Все следующее, как бы ни было оно смонтировано, мы видим как
единое целое.
Робби доходит до помоста и оглядывает молчаливый ожидающий
зал. На первой скамье Майк остается сидеть, хотя и вибрирует почти заметно, как
провод под высоким напряжением. С одной стороны от него Хэтч, с другой – Молли.
Майк держит ее за руку, она смотрит на него тревожно. На следующей скамье за
ними Люсьен, Санни, Алекс и Джонни – добровольный конвой. Если Майк попытается
вмешаться в процесс принятия решения, они его удержат.

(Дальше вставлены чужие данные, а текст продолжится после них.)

Lemma prod_sub_prime Qs I P : prod_sub Qs I -> incl I P -> primeP P ->
  exists2 Q, Q \in Qs & incl Q P.
Proof.
elim: Qs I => [|Q Qs IH] I /= hQs IP Pp; first by case: Pp => _ + _; case; exact: IP.
have [QP|/existsNP [q /not_implyP [Qq nPq]]] := pselect (incl Q P).
  by exists Q; rewrite ?mem_head.
have [|Q' Q'in Q'P] := IH _ (hQs q Qq) _ Pp.
  by move=> y /IP; case: Pp => _ _ /[apply] [[]].
by exists Q'; rewrite // inE Q'in orbT.
Qed.

Definition has_prime_prod I : Prop :=
  exists2 Qs, (forall Q, Q \in Qs -> primeP Q) & prod_sub Qs I.

Definition ideal_adjoin I (a : R) : R -> Prop := fun z => exists i r, I i /\ z = i + r * a.

Lemma ideal_adjoinP I a : idealP I ->
  [/\ idealP (ideal_adjoin I a), incl I (ideal_adjoin I a) & ideal_adjoin I a a].
Proof.
move=> idI; split.
- split; first by exists 0, 0; rewrite mul0r addr0; split=> //; exact: idealP0.
  + move=> _ _ [i [r [Ii ->]]] [j [s [Ij ->]]]; exists (i + j), (r + s).
    by rewrite mulrDl addrACA; split=> //; exact: idealPD.
  + move=> t _ [i [r [Ii ->]]]; exists (t * i), (t * r).
    by rewrite mulrDr mulrA; split=> //; exact: idealPM.
- by move=> x Ix; exists x, 0; rewrite mul0r addr0.
- by exists 0, 1; rewrite add0r mul1r; split=> //; exact: idealP0.
Qed.

(* An ideal containing no product of primes is strictly contained in another such ideal:
   it is not prime, and if ab ∈ I with a, b ∉ I then (I + Ra)(I + Rb) ⊆ I. *)
Lemma strict_enlargement I : idealP I -> ~ has_prime_prod I ->
  exists J, [/\ idealP J, incl I J, (exists x, J x /\ ~ I x) & ~ has_prime_prod J].
Proof.
move=> idI nI.
have nI1 : ~ I 1 by move=> I1; apply: nI; exists [::].
have [a [b [Iab [nIa nIb]]]] : exists a b, I (a * b) /\ ~ I a /\ ~ I b.
  apply: contrapT => hn; apply: nI; exists [:: I] => [Q|]; last by move=> q /=; rewrite mulr1.
  rewrite inE => /eqP ->; split=> // a b Iab.
  have [Ia|nIa] := pselect (I a); [by left|right].
  by apply: contrapT => nIb; apply: hn; exists a, b.
have [idA IA Aa] := ideal_adjoinP a idI; have [idB IB Bb] := ideal_adjoinP b idI.
have [[Qs hQs pA]|] := pselect (has_prime_prod (ideal_adjoin I a)); last first.
  by move=> nA; exists (ideal_adjoin I a); split=> //; exists a.
have [[Qs' hQs' pB]|] := pselect (has_prime_prod (ideal_adjoin I b)); last first.
  by move=> nB; exists (ideal_adjoin I b); split=> //; exists b.
case: nI; exists (Qs ++ Qs') => [Q|].
  by rewrite mem_cat => /orP [] ?; [exact: hQs|exact: hQs'].
apply: prod_sub_cat pA pB _ => _ _ [i [r [Ii ->]]] [j [s [Ij ->]]].
rewrite mulrDl !mulrDr mulrACA.
by apply: (idealPD idI); apply: (idealPD idI); solve [exact: idealPMr|exact: idealPM].
Qed.
(* Let $\mathcal{N}$ be an acyclic, deterministic, sound negotiation, and let $m,n$ be two nodes with $\mathit{dom}(m)\cap\mathit{dom}(n)=\emptyset$. Then $m\parallel n$ if and only if there exists a run from $C_{\mathit{init}}$ containing both $m$ and $n$, and there is neither a local path from $m$ to $n$ nor a local path from $n$ to $m$.
   Context: A negotiation is a tuple $\mathcal{N}=(\mathit{Proc},N,\mathit{dom},R,\delta)$ where $\mathit{Proc}$ is a finite set of processes, $N$ is a finite set of nodes, $\mathit{dom}:N\to 2^{\mathit{Proc}}\setminus\{\emptyset\}$, there are two distinguished nodes $n_{\mathit{init}},n_{\mathit{fin}}$ with $\mathit{dom}(n_{\mathit{init}})=\mathit{dom}(n_{\mathit{fin}})=\mathit{Proc}$, $R$ is a set of results, each node $n$ has a set $\mathit{out}(n)\subseteq R$ of results (nonempty for $n\neq n_{\mathit{fin}}$), and $\delta(n,a,p)\subseteq N$ is defined and nonempty exactly when $a\in\mathit{out}(n)$ and $p\in\mathit{dom}(n)$, with $p\in\mathit{dom}(n')$ for all $n'\in\delta(n,a,p)$. $\mathcal{N}$ is deterministic if every $\delta(n,a,p)$ is a singleton. A configuration is a map $C$ assigning to each process a nonempty set of nodes; $C_{\mathit{init}}(p)=\{n_{\mathit{init}}\}$, $C_{\mathit{fin}}(p)=\{n_{\mathit{fin}}\}$. A node $n$ is enabled in $C$ if $n\in C(p)$ for all $p\in\mathit{dom}(n)$. If $n$ is enabled and $a\in\mathit{out}(n)$ then $C\xrightarrow{(n,a)}C'$ with $C'(p)=\delta(n,a,p)$ for $p\in\mathit{dom}(n)$, $C'(p)=C(p)$ otherwise. A run is a sequence $(n_1,a_1)(n_2,a_2)\cdots$ of such steps, and it contains $n$ if $n=n_i$ for some $i$; a configuration is reachable if some finite run from $C_{\mathit{init}}$ leads to it; $\mathcal{N}$ is sound if every finite run from $C_{\mathit{init}}$ can be extended to a finite run ending in $C_{\mathit{fin}}$. The graph of $\mathcal{N}$ has vertex set $N$ and edges $n\xrightarrow{p,a}n'$ whenever $n'\in\delta(n,a,p)$; $\mathcal{N}$ is acyclic if this graph is; a local path is a path in this graph. $m\parallel n$ means $\mathit{dom}(m)\cap\mathit{dom}(n)=\emptyset$ and some reachable configuration enables both $m$ and $n$. *)

From mathcomp Require Import all_boot.
Set Implicit Arguments. Unset Strict Implicit. Unset Printing Implicit Defensive.

Record negotiation (Proc Node Res : finType) := Negotiation {
  dom : Node -> {set Proc};
  n_init : Node;
  n_fin : Node;
  out : Node -> {set Res};
  delta : Node -> Res -> Proc -> {set Node}
}.

Section Neg.
Variables (Proc Node Res : finType) (Ng : negotiation Proc Node Res).

(* Well-formedness conditions of the definition of a negotiation.
   delta n a p is "undefined" (represented by set0) outside a \in out n, p \in dom n. *)
Definition wf_negotiation : Prop :=
  [/\ (forall n, dom Ng n != set0),
      dom Ng (n_init Ng) = [set: Proc] /\
      dom Ng (n_fin Ng) = [set: Proc],
      (forall n, n != n_fin Ng -> out Ng n != set0),
      (forall n a p, (delta Ng n a p != set0) = (a \in out Ng n) && (p \in dom Ng n))
    & (forall n a p n', n' \in delta Ng n a p -> p \in dom Ng n')].

Definition deterministic : Prop :=
  forall n a p, a \in out Ng n -> p \in dom Ng n -> #|delta Ng n a p| = 1.

Definition config := {ffun Proc -> {set Node}}.

Definition C_init : config := [ffun _ => [set n_init Ng]].
Definition C_fin : config := [ffun _ => [set n_fin Ng]].

Definition enabled (C : config) (n : Node) : Prop :=
  forall p, p \in dom Ng n -> n \in C p.

Definition step (C : config) (n : Node) (a : Res) (C' : config) : Prop :=
  [/\ enabled C n, a \in out Ng n &
      C' = [ffun p => if p \in dom Ng n then delta Ng n a p else C p]].

Fixpoint leads (C : config) (s : seq (Node * Res)) (C' : config) : Prop :=
  match s with
  | [::] => C = C'
  | (n, a) :: s' => exists C1, step C n a C1 /\ leads C1 s' C'
  end.

Definition reachable (C : config) : Prop := exists s, leads C_init s C.

Definition sound : Prop :=
  forall s C, leads C_init s C -> exists s', leads C s' C_fin.

Definition edge : rel Node :=
  fun n n' => [exists p, exists a, n' \in delta Ng n a p].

А в конце зала, где спят дети, взрослых прибавилось. К
сидящей возле Салли Тавии присоединилась Урсула, возле Гарри уже сидят и Энди,
и Джилл, и Джек подошел к Энджи, не покидающей Бастера… но когда он попытался
обнять ее за плечи, она выскользнула, уходя от его прикосновения. «Тебе
придется кое-что объяснить, Джеки», – как мог бы сказать Рики Рикардо. Мелинда
сидит возле Пиппы, Сандра возле Дона рядом с ней. Карла и Генри Брайт сидят в
изножье кровати Фрэнка, держась за руки. Линда Сент-Пьер – около Хейди. Но
внимание всех родителей обращено не на детей, а на Робби Билза, назначившего
себя председателем… и на земляков-островитян, которые решат судьбу их детей.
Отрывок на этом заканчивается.